Do not touch journal_format.md, reviewer_comments.md, or style_overrides.md — those belong to academic-writing-skills.
Token-saving behavior
- Read manuscript ONCE per session, extract claims + figures, then
reference
.paper/*.yml in subsequent writing turns.
- Pass-through claim text exactly as in the manuscript; do not rephrase.
The writing skill will polish later.
- For figures, read just the caption + filename; don't OCR or describe
visual content.
- After running, hand off cleanly: tell the user "claims.yml and
figures.yml ready. Load
academic-writing-skills next for any
writing/revision/audit pass."
Output format for the user
[paper-memory-builder]
Read manuscript: paper/manuscript.docx (8 pages, 12 figures)

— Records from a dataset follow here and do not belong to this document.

(* Let $\mathbb{F}$ be a field, $A$ and $B$ finite-dimensional $\mathbb{F}$-spaces with $\dim A=n$, $\dim B=j$, $V=A\otimes_{\mathbb{F}}B$, and let $g\in\mathrm{GL}(A)$ with $\delta_A(g)=k$. Then: (i) $d_V(g\otimes s)\le kj$ for all $s\in\mathrm{GL}(B)$. (ii) If $k\ge n/2$, then $d_V(g\otimes s)\le k(j-2)+n$ for all but at most one $s\in\mathrm{GL}(B)$. (iii) If $g\notin\mathbf{Z}(\mathrm{GL}(A))$ and $j\ge2$, then $d_V(g\otimes s)\le(n-1)(j-1)+1$ for all but at most one $s\in\mathrm{GL}(B)$, and $d_V(g\otimes s)\le(n-1)j$ for all $s\in\mathrm{GL}(B)$.
   Context: For a finite-dimensional $\mathbb{F}$-space $U$ and $x\in\mathrm{GL}(U)$, $d_U(x)=\dim_{\mathbb{F}}\mathrm{Ker}(x-1_U)$, and $\delta_U(x)$ is the largest dimension of an eigenspace of $x$ on $U\otimes_{\mathbb{F}}\overline{\mathbb{F}}$. *)

From HB Require Import structures.
From mathcomp Require Import all_boot all_order all_algebra all_fingroup all_character.
Set Implicit Arguments. Unset Strict Implicit. Unset Printing Implicit Defensive.
Import Order.TTheory GRing.Theory Num.Theory.
Local Open Scope ring_scope.

(* Linear maps of U = F^n are n x n matrices (row-vector convention);
   GL(U) = invertible matrices (x \in unitmx). *)

Definition dfix (F : fieldType) (n : nat) (x : 'M[F]_n) : nat :=
  \rank (kermx (x - 1%:M)).

Definition eigdim (L : fieldType) (n : nat) (x : 'M[L]_n) (l : L) : nat :=
  \rank (kermx (x - l%:M)).

(* delta_U(x) = k : the largest dimension of an eigenspace of x on U (x) L,
   where L is an algebraically closed field containing F via f. *)
Definition is_delta (F : fieldType) (L : closedFieldType) (f : {rmorphism F -> L})
  (n : nat) (x : 'M[F]_n) (k : nat) : Prop :=
  (exists l : L, eigdim (map_mx f x) l = k) /\
  (forall l : L, (eigdim (map_mx f x) l <= k)%N).

Definition central_GL (F : fieldType) (n : nat) (x : 'M[F]_n) : Prop :=
  forall h : 'M[F]_n, h \in unitmx -> x *m h = h *m x.

From HB Require Import structures.
From mathcomp Require Import all_boot all_order all_algebra all_fingroup all_character.
From mathcomp Require Import zify.
From Stdlib Require Import Classical.
Set Implicit Arguments. Unset Strict Implicit. Unset Printing Implicit Defensive.
Import Order.TTheory GRing.Theory Num.Theory.
Local Open Scope ring_scope.

(* Extend scalars to the algebraic closure L and write G, S for the images of
   g, s.  A vector of V is an n x j matrix X, fixed by G (x) S iff
   G^T X = X c^T with c = (S^-1)^T.  Build a flag of row vectors u_1, u_2, ...
   in which each u_i is an eigenvector of c, for an eigenvalue nu, modulo the
   earlier ones.  On the fixed points killed by u_1, ..., u_(i-1), the map
   X |-> X u_i^T lands in the nu-eigenspace of G, so each step of the flag
   costs at most delta(g) = k dimensions: d <= k j, and d <= j dim E_nu(G)
   when c = nu is scalar.  If s is not scalar, some u is not an eigenvector of
   c, and killing u already kills u c, so the first two steps cost at most n
   together: d <= n + k (j - 2).  Hence the only possible exceptions in (ii)
   and (iii) are scalars s = a, and the bounds force dim E_(a^-1)(G) to be so
   large that two distinct such a would give two eigenspaces of total
   dimension more than n. *)

Lemma index_allpairs_pair (T1 T2 : eqType) (s1 : seq T1) (s2 : seq T2) x1 x2 :
  x1 \in s1 -> x2 \in s2 ->
  index (x1, x2) [seq (y1, y2) | y1 <- s1, y2 <- s2] =
    (index x1 s1 * size s2 + index x2 s2)%N.
Proof.
elim: s1 => [//|y1 s1 IH] /=; rewrite inE index_cat => s1x1 s2x2.
have [<-|ne] := eqVneq y1 x1.
  have inj_pair : injective (pair y1 : T2 -> T1 * T2) by move=> ? ? [].
  by rewrite mem_map // s2x2 index_map.
have -> : (x1, x2) \in [seq (y1, y2) | y2 <- s2] = false.
  by apply/mapP => -[y _ [E _]]; rewrite E eqxx in ne.
rewrite eq_sym (negbTE ne) /= in s1x1.
by rewrite size_map IH //=; lia.
Qed.

Lemma mxvec_index_val m n (i : 'I_m) (j : 'I_n) : mxvec_index i j = (i * n + j)%N :> nat.
Proof.
transitivity (index (i, j) (enum {: 'I_m * 'I_n})).
  rewrite /= -{2}(nth_enum_rank (i, j) (i, j)) index_uniq ?enum_uniq //.
  by rewrite -cardE ltn_ord.
rewrite enumT unlock /= index_allpairs_pair ?mem_enum //.
by rewrite !index_enum_ord size_enum_ord.
Qed.

Lemma mxvec_index_lshift m n (j : 'I_n) :
  @mxvec_index m.+1 n (lshift m (ord0 : 'I_1)) j = lshift (m * n) j.
Proof. by apply: ord_inj; apply: mxvec_index_val. Qed.

Lemma mxvec_index_rshift m n (i : 'I_m) (j : 'I_n) :
  @mxvec_index m.+1 n (rshift 1 i) j = rshift n (mxvec_index i j).
Proof.
apply: ord_inj; apply: etrans (mxvec_index_val (rshift 1 i) j) _.
have /= -> := mxvec_index_val i j; lia.
Qed.

Section TensorProduct.
Variable R : fieldType.

Lemma trow_mxE n1 (u : 'rV[R]_n1) m2 n2 (B : 'M[R]_(m2, n2)) i2 j1 j2 :
  trow u B i2 (mxvec_index j1 j2) = u 0 j1 * B i2 j2.
Proof.
elim: n1 u j1 => [|n1 IH] u j1; first by case: j1.
case: (split_ordP (j1 : 'I_(1 + n1))) => k ->.
  by rewrite (ord1 k) mxvec_index_lshift row_mxEl !mxE.
by rewrite mxvec_index_rshift; apply: etrans (row_mxEr _ _ _ _) _; rewrite IH mxE.
Qed.
(* Let $m_{max} \ge 1$ be a fixed positive integer. Then \[ \pi = i \lim_{k\to\infty} 2^{k+1} \sum_{m=1}^{m_{max}} \frac{1}{2m-1}\left( \frac{1}{\left(1 + 2i\, a_k/\sqrt{2 - a_{k-1}}\right)^{2m-1}} - \frac{1}{\left(1 - 2i\, a_k/\sqrt{2 - a_{k-1}}\right)^{2m-1}} \right). \]
   Context: Here $i$ is the imaginary unit. The nested radicals $a_k$ are defined by $a_0 = 0$ and $a_k = \sqrt{2 + a_{k-1}}$ for $k \ge 1$. Thus $a_k = \sqrt{2+\sqrt{2+\cdots+\sqrt{2}}}$ with $k$ square roots. *)

From Stdlib Require Import Reals.
From Coquelicot Require Import Coquelicot.
Open Scope R_scope.

Fixpoint a (k : nat) : R :=
  match k with
  | O => 0
  | S j => sqrt (2 + a j)
  end.

(* x_k = a_k / sqrt(2 - a_{k-1}); for k = 0 we use a_{0-1} := a_0 (truncated
   subtraction), which is irrelevant for the limit k -> oo. *)
Definition xk (k : nat) : R := a k / sqrt (2 - a (k - 1)).

Definition term (mmax k : nat) : C :=
  Cmult (RtoC (2 ^ (k + 1)))
    (sum_n_m (fun m : nat =>
        Cmult (RtoC (/ INR (2 * m - 1)))
          (Cminus (Cinv (pow_n (Cplus (RtoC 1) (Cmult (RtoC (2 * xk k)) Ci)) (2 * m - 1)))
                  (Cinv (pow_n (Cminus (RtoC 1) (Cmult (RtoC (2 * xk k)) Ci)) (2 * m - 1)))))
      1 mmax).

From Stdlib Require Import Reals Lra Lia Psatz.
From Coquelicot Require Import Coquelicot.
Open Scope R_scope.

(* With [theta k = PI / 2^(k+1)] one has [a k = 2 cos (theta k)] and
   [sqrt (2 - a (k-1)) = 2 sin (theta k)], so [xk k = cot (theta k)].  The
   summand [m = 1] equals [-4 i x / (1 + 4 x^2)], and since [xk k] behaves like
   [1 / theta k], multiplying it by [2^(k+1) = PI / theta k] gives a sequence
   tending to [-i PI].  Every summand with [m >= 2] is [O(x^-3) = O(theta k ^ 3)],
   so after multiplication by [PI / theta k] the remaining sum is
   [O(theta k ^ 2)] and vanishes in the limit. *)

Definition theta (k : nat) : R := PI / 2 ^ (k + 1).

Lemma theta_gt0 k : 0 < theta k.
Proof. apply Rdiv_lt_0_compat; [exact PI_RGT_0 | apply pow_lt; lra]. Qed.

Lemma theta_S k : theta k = 2 * theta (S k).
Proof.
  unfold theta; rewrite Nat.add_succ_l; cbn [pow].
  field; apply pow_nonzero; lra.
Qed.

Lemma theta_le_PI2 k : theta k <= PI / 2.
Proof.
  unfold theta; rewrite pow_add, pow_1.
  assert (1 <= 2 ^ k) by (apply pow_R1_Rle; lra).
  apply Rmult_le_compat_l; [pose proof PI_RGT_0; lra |].
  apply Rinv_le_contravar; lra.
Qed.

Lemma sin_theta_gt0 k : 0 < sin (theta k).
Proof.
  apply sin_gt_0; [apply theta_gt0 |].
  pose proof (theta_le_PI2 k); pose proof PI_RGT_0; lra.
Qed.

Lemma cos_theta_S_gt0 k : 0 < cos (theta (S k)).
Proof.
  pose proof (theta_S k); pose proof (theta_le_PI2 k); pose proof (theta_gt0 (S k)).
  apply cos_gt_0; pose proof PI_RGT_0; lra.
Qed.

Lemma is_lim_seq_theta : is_lim_seq theta 0.
Proof.
  apply is_lim_seq_ext with (fun k => PI / 2 * (/ 2) ^ k).
  { intros k; unfold theta; rewrite pow_add, pow_inv.
    field; apply pow_nonzero; lra. }
  replace (Finite 0) with (Rbar_mult (PI / 2) 0) by (simpl; f_equal; ring).
  apply is_lim_seq_scal_l, is_lim_seq_geom; rewrite Rabs_pos_eq; lra.
Qed.

Lemma a_cos_theta k : a k = 2 * cos (theta k).
Proof.
  induction k as [|k IH]; simpl a.
  - unfold theta; simpl; replace (PI / (2 * 1)) with (PI / 2) by field.
    rewrite cos_PI2; ring.
  - rewrite IH, (theta_S k), cos_2a_cos.
    replace (2 + 2 * (2 * cos (theta (S k)) * cos (theta (S k)) - 1))
      with ((2 * cos (theta (S k)))²) by (unfold Rsqr; ring).
    apply sqrt_Rsqr; pose proof (cos_theta_S_gt0 k); lra.
Qed.

Lemma xk_cot_theta k : xk (S k) = cos (theta (S k)) / sin (theta (S k)).
Proof.
  unfold xk; rewrite Nat.sub_succ, Nat.sub_0_r, !a_cos_theta, (theta_S k), cos_2a_sin.
  pose proof (sin_theta_gt0 (S k)).
  replace (2 - 2 * (1 - 2 * sin (theta (S k)) * sin (theta (S k))))
    with ((2 * sin (theta (S k)))²) by (unfold Rsqr; ring).
  rewrite sqrt_Rsqr by lra; field; lra.
Qed.

Lemma is_lim_seq_sin_theta : is_lim_seq (fun k => sin (theta k)) 0.
Proof.
  replace (Finite 0) with (Finite (sin 0)) by now rewrite sin_0.
  exact (is_lim_seq_continuous _ _ _ (continuity_sin 0) is_lim_seq_theta).
Qed.

Lemma is_lim_seq_cos_theta : is_lim_seq (fun k => cos (theta k)) 1.
Proof.
  replace (Finite 1) with (Finite (cos 0)) by now rewrite cos_0.
  exact (is_lim_seq_continuous _ _ _ (continuity_cos 0) is_lim_seq_theta).
Qed.

Lemma is_lim_seq_sinc_theta : is_lim_seq (fun k => sin (theta k) / theta k) 1.
Proof.
  apply (is_lim_comp_seq (fun x => sin x / x) theta 0 1 is_lim_sinc_0);
    [| exact is_lim_seq_theta].
  exists 0%nat; intros k _ E; injection E; pose proof (theta_gt0 k); lra.
Qed.

(* For [x = cot t] and [2^(k+1) = PI / t], [main_part t] is
   [2^(k+1) * 4 x / (1 + 4 x^2)] and [tail_part mmax t] is
   [2^(k+1) * mmax * 2 / (2 x)^3], the bound on the summands [m >= 2]. *)
Definition main_part (t : R) : R :=
  PI * (sin t / t) * (4 * cos t / (sin t * sin t + 4 * (cos t * cos t))).

Definition tail_part (mmax : nat) (t : R) : R :=
  PI * INR mmax / 4 * (sin t / t) * (sin t * sin t / (cos t * (cos t * cos t))).

Lemma is_lim_seq_main_part : is_lim_seq (fun k => main_part (theta k)) PI.
Proof.
  unfold main_part.
  replace (Finite PI) with (Finite (PI * 1 * (4 * 1 / (0 * 0 + 4 * (1 * 1)))))
    by (f_equal; field).
  pose proof is_lim_seq_sin_theta; pose proof is_lim_seq_cos_theta.
  apply is_lim_seq_mult';
    [apply is_lim_seq_mult'; [apply is_lim_seq_const | apply is_lim_seq_sinc_theta] |].
  apply is_lim_seq_div'; [apply is_lim_seq_mult'; [apply is_lim_seq_const | assumption] | | lra].
  apply is_lim_seq_plus'; [apply is_lim_seq_mult'; assumption |].
  apply is_lim_seq_mult'; [apply is_lim_seq_const | apply is_lim_seq_mult'; assumption].
Qed.

Lemma is_lim_seq_tail_part mmax : is_lim_seq (fun k => tail_part mmax (theta k)) 0.
Proof.
  unfold tail_part.
  replace (Finite 0) with (Finite (PI * INR mmax / 4 * 1 * (0 * 0 / (1 * (1 * 1)))))
    by (f_equal; field).
  pose proof is_lim_seq_sin_theta; pose proof is_lim_seq_cos_theta.
  apply is_lim_seq_mult';
    [apply is_lim_seq_mult'; [apply is_lim_seq_const | apply is_lim_seq_sinc_theta] |].
  apply is_lim_seq_div'; [apply is_lim_seq_mult'; assumption | | lra].
  apply is_lim_seq_mult'; [assumption | apply is_lim_seq_mult'; assumption].
Qed.

Lemma C1_plus_imag (y : R) : Cplus (RtoC 1) (Cmult (RtoC y) Ci) = (1, y).
Proof. apply injective_projections; simpl; ring. Qed.

Lemma C1_minus_imag (y : R) : Cminus (RtoC 1) (Cmult (RtoC y) Ci) = (1, - y).
Proof. apply injective_projections; simpl; ring. Qed.

Lemma Cmod_imag (y : R) : Cmod (0, y) = Rabs y.
Proof. unfold Cmod; simpl; rewrite <- sqrt_Rsqr_abs; f_equal; unfold Rsqr; ring. Qed.

Lemma Cmod_1_imag_ge (y : R) : 1 <= Cmod (1, y) /\ Rabs y <= Cmod (1, y).
Proof.
  unfold Cmod; simpl; split.
  - rewrite <- sqrt_1 at 1; apply sqrt_le_1_alt; nra.
  - rewrite <- sqrt_Rsqr_abs; apply sqrt_le_1_alt; unfold Rsqr; nra.
Qed.

Lemma Cmod_pow_n (z : C) (n : nat) : Cmod (pow_n z n) = Cmod z ^ n.
Proof.
  induction n as [|n IH]; simpl; [apply Cmod_1 |].
  change (Cmod (Cmult z (pow_n z n)) = Cmod z * Cmod z ^ n).
  now rewrite Cmod_mult, IH.
Qed.

Lemma Cmod_inv_pow_1_imag_le (y : R) (n : nat) : y <> 0 -> (3 <= n)%nat ->
  Cmod (Cinv (pow_n ((1, y) : C) n)) <= / Rabs y ^ 3.
Proof.
  intros Hy Hn; destruct (Cmod_1_imag_ge y) as [H1 Habs].
  assert (Hy0 : 0 < Rabs y) by now apply Rabs_pos_lt.
  rewrite Cmod_inv, Cmod_pow_n.
  - apply Rinv_le_contravar; [now apply pow_lt |].
    apply Rle_trans with (Cmod (1, y) ^ 3);
      [apply pow_incr; lra | now apply Rle_pow].
  - intro E; apply (f_equal Cmod) in E.
    rewrite Cmod_pow_n, Cmod_0 in E; apply pow_nonzero in E; [exact E | lra].
Qed.

Definition summand (x : R) (m : nat) : C :=
  Cmult (RtoC (/ INR (2 * m - 1)))
    (Cminus (Cinv (pow_n (Cplus (RtoC 1) (Cmult (RtoC (2 * x)) Ci)) (2 * m - 1)))
            (Cinv (pow_n (Cminus (RtoC 1) (Cmult (RtoC (2 * x)) Ci)) (2 * m - 1)))).

Lemma summand_1 (x : R) : summand x 1 = (0, - (4 * x / (1 + 4 * x ^ 2))).
Proof.
  unfold summand; rewrite C1_plus_imag, C1_minus_imag; simpl.
  unfold Cinv, Cmult, Cminus, Cplus, Copp, RtoC; simpl.
  apply injective_projections; simpl; field; nra.
Qed.

Lemma Cmod_summand_le (x : R) (m : nat) : 0 < x -> (2 <= m)%nat ->
  Cmod (summand x m) <= 2 / (2 * x) ^ 3.
Proof.
  intros Hx Hm; unfold summand; rewrite C1_plus_imag, C1_minus_imag.
  assert (Hn : (3 <= 2 * m - 1)%nat) by lia.
  assert (Hp : Cmod (Cinv (pow_n ((1, 2 * x) : C) (2 * m - 1))) <= / (2 * x) ^ 3).
  { rewrite <- (Rabs_pos_eq (2 * x)) at 2 by lra.
    apply Cmod_inv_pow_1_imag_le; [lra | exact Hn]. }
  assert (Hq : Cmod (Cinv (pow_n ((1, - (2 * x)) : C) (2 * m - 1))) <= / (2 * x) ^ 3).
  { rewrite <- (Rabs_pos_eq (2 * x)) at 2 by lra; rewrite <- Rabs_Ropp.
    apply Cmod_inv_pow_1_imag_le; [lra | exact Hn]. }
  assert (Hc : 0 < / INR (2 * m - 1) <= 1).
  { assert (1 <= INR (2 * m - 1)) by (apply (le_INR 1); lia).
    split; [apply Rinv_0_lt_compat; lra | rewrite <- Rinv_1; apply Rinv_le_contravar; lra]. }
  rewrite Cmod_mult, Cmod_R, Rabs_pos_eq by lra.
  assert (Hd : Cmod (Cminus (Cinv (pow_n ((1, 2 * x) : C) (2 * m - 1)))
                            (Cinv (pow_n ((1, - (2 * x)) : C) (2 * m - 1)))) <= 2 / (2 * x) ^ 3).
  { unfold Cminus; eapply Rle_trans; [apply Cmod_triangle |].
    rewrite Cmod_opp; unfold Rdiv; lra. }
  pose proof (Cmod_ge_0 (Cminus (Cinv (pow_n ((1, 2 * x) : C) (2 * m - 1)))
                                (Cinv (pow_n ((1, - (2 * x)) : C) (2 * m - 1))))).
  nra.
Qed.

Lemma Cmod_sum_n_m_le (f : nat -> C) (B : R) (n m : nat) : 0 <= B ->
  (forall k, (n <= k)%nat -> Cmod (f k) <= B) ->
  Cmod (sum_n_m f n m) <= INR (S m - n) * B.
Proof.
  intros HB Hf; induction m as [|m IH].
  - destruct n as [|n].
    + rewrite sum_n_n; simpl INR; specialize (Hf 0%nat (le_n 0)); lra.
    + rewrite sum_n_m_zero by lia.
      change (Cmod zero) with (Cmod 0); rewrite Cmod_0; simpl INR; lra.
  - destruct (Nat.le_gt_cases n (S m)) as [Hnm | Hnm].
    + rewrite sum_n_Sm by exact Hnm.
      change (plus ?u ?v) with (Cplus u v).
      rewrite Nat.sub_succ_l, S_INR by lia.
      eapply Rle_trans; [apply Cmod_triangle |].
      specialize (Hf (S m) Hnm); lra.
    + rewrite sum_n_m_zero by lia.
      change (Cmod zero) with (Cmod 0); rewrite Cmod_0.
      apply Rmult_le_pos; [apply pos_INR | exact HB].
Qed.

Lemma Cmod_sum_summand_tail_le (x : R) (mmax : nat) : 0 < x ->
  Cmod (sum_n_m (summand x) 2 mmax) <= INR mmax * (2 / (2 * x) ^ 3).
Proof.
  intros Hx.
  assert (HB : 0 <= 2 / (2 * x) ^ 3).
  { apply Rlt_le, Rdiv_lt_0_compat; [lra | apply pow_lt; lra]. }
  eapply Rle_trans.
  - apply Cmod_sum_n_m_le; [exact HB |].
    intros m Hm; exact (Cmod_summand_le x m Hx Hm).
  - apply Rmult_le_compat_r; [exact HB | apply le_INR; lia].
Qed.

Lemma term_error_le (mmax k : nat) : (1 <= mmax)%nat ->
  Cmod (Cminus (term mmax (S k)) (0, - PI)) <=
  Rabs (main_part (theta (S k)) - PI) + tail_part mmax (theta (S k)).
Proof.
  intros Hm.
  pose proof (theta_gt0 (S k)) as Ht; pose proof (sin_theta_gt0 (S k)) as Hs.
  pose proof (cos_theta_S_gt0 k) as Hc; pose proof (xk_cot_theta k) as Hx.
  set (t := theta (S k)) in *; set (x := xk (S k)) in *.
  assert (Hx0 : 0 < x) by (rewrite Hx; apply Rdiv_lt_0_compat; lra).
  assert (Hpow : 2 ^ (S k + 1) = PI / t).
  { unfold t, theta; field; split; [apply pow_nonzero |]; pose proof PI_RGT_0; lra. }
  change (term mmax (S k)) with (Cmult (RtoC (2 ^ (S k + 1))) (sum_n_m (summand x) 1 mmax)).
  rewrite (sum_n_m_Chasles _ 1 1 mmax), sum_n_n, summand_1, Hpow by lia.
  change (plus ?u ?v) with (Cplus u v).
  set (tail := sum_n_m (summand x) 2 mmax).
  replace (Cminus (Cmult (RtoC (PI / t)) (Cplus (0, - (4 * x / (1 + 4 * x ^ 2))) tail)) (0, - PI))
    with (Cplus (0, PI - main_part t) (Cmult (RtoC (PI / t)) tail)).
  2:{ unfold main_part; rewrite Hx.
      unfold Cmult, Cplus, Cminus, Copp, RtoC; simpl.
      apply injective_projections; simpl; field; nra. }
  eapply Rle_trans; [apply Cmod_triangle |].
  rewrite Cmod_imag, Rabs_minus_sym; apply Rplus_le_compat_l.
  assert (Hr : 0 < PI / t) by (apply Rdiv_lt_0_compat; [exact PI_RGT_0 | exact Ht]).
  rewrite Cmod_mult, Cmod_R, Rabs_pos_eq by lra.
  eapply Rle_trans;
    [apply Rmult_le_compat_l; [lra | exact (Cmod_sum_summand_tail_le x mmax Hx0)] |].
  right; unfold tail_part; rewrite Hx; field; lra.
Qed.

Lemma filterlim_of_Cmod_le (f : nat -> C) (l : C) (e : nat -> R) :
  is_lim_seq e 0 -> eventually (fun k => Cmod (Cminus (f k) l) <= e k) ->
  filterlim f eventually (locally l).
Proof.
  intros He Hb.
  apply (proj2 (@filterlim_locally_ball_norm C_AbsRing nat C_NormedModule eventually _ f l)).
  intros eps.
  pose proof (proj2 (is_lim_seq_spec e 0) He eps) as Heps.
  generalize (filter_and _ _ Hb Heps); apply filter_imp; intros k [Hk Hek].
  change (Cmod (Cminus (f k) l) < eps).
  rewrite Rminus_0_r in Hek; pose proof (Rle_abs (e k)); lra.
Qed.

Theorem mainTheorem2 (mmax : nat) (Hm : (1 <= mmax)%nat) :
  exists L : C,
    filterlim (fun k : nat => term mmax k) eventually (locally L) /\
    RtoC PI = Cmult Ci L.
Proof.
  exists (0, - PI); split.
  - apply filterlim_of_Cmod_le with
      (e := fun k => Rabs (main_part (theta k) - PI) + tail_part mmax (theta k)).
    + replace (Finite 0) with (Finite (0 + 0)) by (f_equal; ring).
      apply is_lim_seq_plus'; [| apply is_lim_seq_tail_part].
      apply (is_lim_seq_abs_0 (fun k => main_part (theta k) - PI)).
      replace (Finite 0) with (Finite (PI - PI)) by (f_equal; ring).
      apply is_lim_seq_minus'; [apply is_lim_seq_main_part | apply is_lim_seq_const].
    + exists 1%nat; intros [|k] Hk; [lia | exact (term_error_le mmax k Hm)].
  - apply injective_projections; simpl; ring.
Qed.
(* state: (current matrix Delta^r, set of primary pivots marked so far) *)

Definition prow (P : {set pos}) (i : 'I_m) : 'I_m :=
  odflt i [pick k | (i, k) \in P].

Definition isa_markable (r : nat) (D : 'M[F]_m) (P : {set pos}) (ij : pos) : bool :=
  [&& (val ij.2 == val ij.1 + r)%N, D ij.1 ij.2 != 0 &
      ~~ [exists k, (k, ij.2) \in P]].

Definition isa_primary r D P (ij : pos) : bool :=
  isa_markable r D P ij && ~~ [exists k, (ij.1, k) \in P].

Definition isa_cob r D P (ij : pos) : bool :=
  isa_markable r D P ij && [exists k, (ij.1, k) \in P].

Definition isa_T r (D : 'M[F]_m) (P : {set pos}) : 'M[F]_m :=
  1%:M - \sum_(ij : pos | isa_cob r D P ij)
            (D ij.1 ij.2 / D ij.1 (prow P ij.1)) *: delta_mx (prow P ij.1) ij.2.

Definition isa_step (st : 'M[F]_m * {set pos}) (r : nat) : 'M[F]_m * {set pos} :=
  let (D, P) := st in
  let T := isa_T r D P in
  (invmx T *m D *m T, P :|: [set ij | isa_primary r D P ij]).

Definition ISA (D : 'M[F]_m) : 'M[F]_m * {set pos} :=
  foldl isa_step (D, set0) (iota 1 m.-1).

(* state: (current matrix tilde Delta^t, C^t, set of primary pivots) *)

Definition rowC (D : 'M[F]_m) (C : {set 'I_m}) (i : 'I_m) : bool :=
  [exists j in C, D i j != 0].

Definition rev_step (st : 'M[F]_m * {set 'I_m} * {set pos})
  : 'M[F]_m * {set 'I_m} * {set pos} :=
  let: (D, C, P) := st in
  match [pick i | rowC D C i && [forall i', rowC D C i' ==> (i' <= i)%N]] with
  | None => st     (* tilde Delta_{. C} = 0 : the loop has stopped *)
  | Some it =>
    match [pick j | [&& j \in C, D it j != 0 &
             [forall j', ((j' \in C) && (D it j' != 0)) ==> (j <= j')%N]]] with
    | None => st
    | Some jt =>
      let T := 1%:M - \sum_(j in C | (jt < j)%N) (D it j / D it jt) *: delta_mx jt j in
      (D *m T, C :\ jt, P :|: [set (it, jt)])
    end
  end.

(* The loop performs at most m productive steps (C shrinks each time), so
   iterating the (stationary-when-stopped) step m times yields the final state. *)
Definition Revised1 (D : 'M[F]_m) : 'M[F]_m * {set 'I_m} * {set pos} :=
  iter m rev_step (D, setT, set0).

End Defs.

(* Both algorithms transform Delta only by adding multiples of a pivot column
   to a later column, and both end in a reduced form of Delta: every pivot is
   the lowest nonzero entry of its column, no two pivots share a row, columns
   without pivot vanish, and every column is the column of Delta plus a
   combination of earlier pivot columns, each used only if the column
   vanishes from that pivot's row downward.
   Such a reduced form, pivots included, is unique. *)

From HB Require Import structures.
From mathcomp Require Import all_boot all_order all_algebra.
Set Implicit Arguments. Unset Strict Implicit. Unset Printing Implicit Defensive.
Import GRing.Theory.
Local Open Scope ring_scope.

Section ReducedForm.
Variables (F : fieldType) (m : nat).
Implicit Types (R M : 'M[F]_m) (P : {set pos m}).

Definition vanishes_from R (j i0 : 'I_m) :=
  forall i : 'I_m, (i0 <= i)%N -> R i j = 0.

Definition lowest_entry R (i j : 'I_m) :=
  R i j != 0 /\ forall i' : 'I_m, (i < i')%N -> R i' j = 0.

Definition reduced_col (D R : 'M[F]_m) P (j : 'I_m) :=
  exists2 a : 'I_m -> F,
    forall i, R i j = D i j + \sum_p a p * R i p &
    forall p, a p != 0 ->
      (p < j)%N /\ exists2 i0, (i0, p) \in P & vanishes_from R j i0.

Record reduced_form (D R : 'M[F]_m) P : Prop := ReducedForm {
  pivot_lowest : forall i j, (i, j) \in P -> lowest_entry R i j;
  pivotless_col0 : forall j, (forall i, (i, j) \notin P) -> forall i, R i j = 0;
  pivot_row_uniq : forall i p j, (i, p) \in P -> (i, j) \in P -> p = j;
  reduced_cols : forall j, reduced_col D R P j }.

Wrote: .paper/claims.yml (9 claims; 2 marked at risk)
Wrote: .paper/figures.yml (12 figures; 8 mapped to claims, 4 are context)
Suggested next: load academic-writing-skills for revision/audit passes.
What NOT to do
- Don't edit the manuscript file. Read-only.
- Don't paraphrase claim text. Copy exactly from the manuscript.
- Don't fabricate figures or claims that aren't in the source.
- Don't emit an unsupported claim as
status: draft — see the
anti-leakage rule below.
- Don't write to
.paper/journal_format.md, reviewer_comments.md, or
style_overrides.md. Those are owned by academic-writing-skills.
- Don't write to
.research/ — that's the workspace layer, not the
paper layer.
- Don't extract claims from cited works — only from THIS paper.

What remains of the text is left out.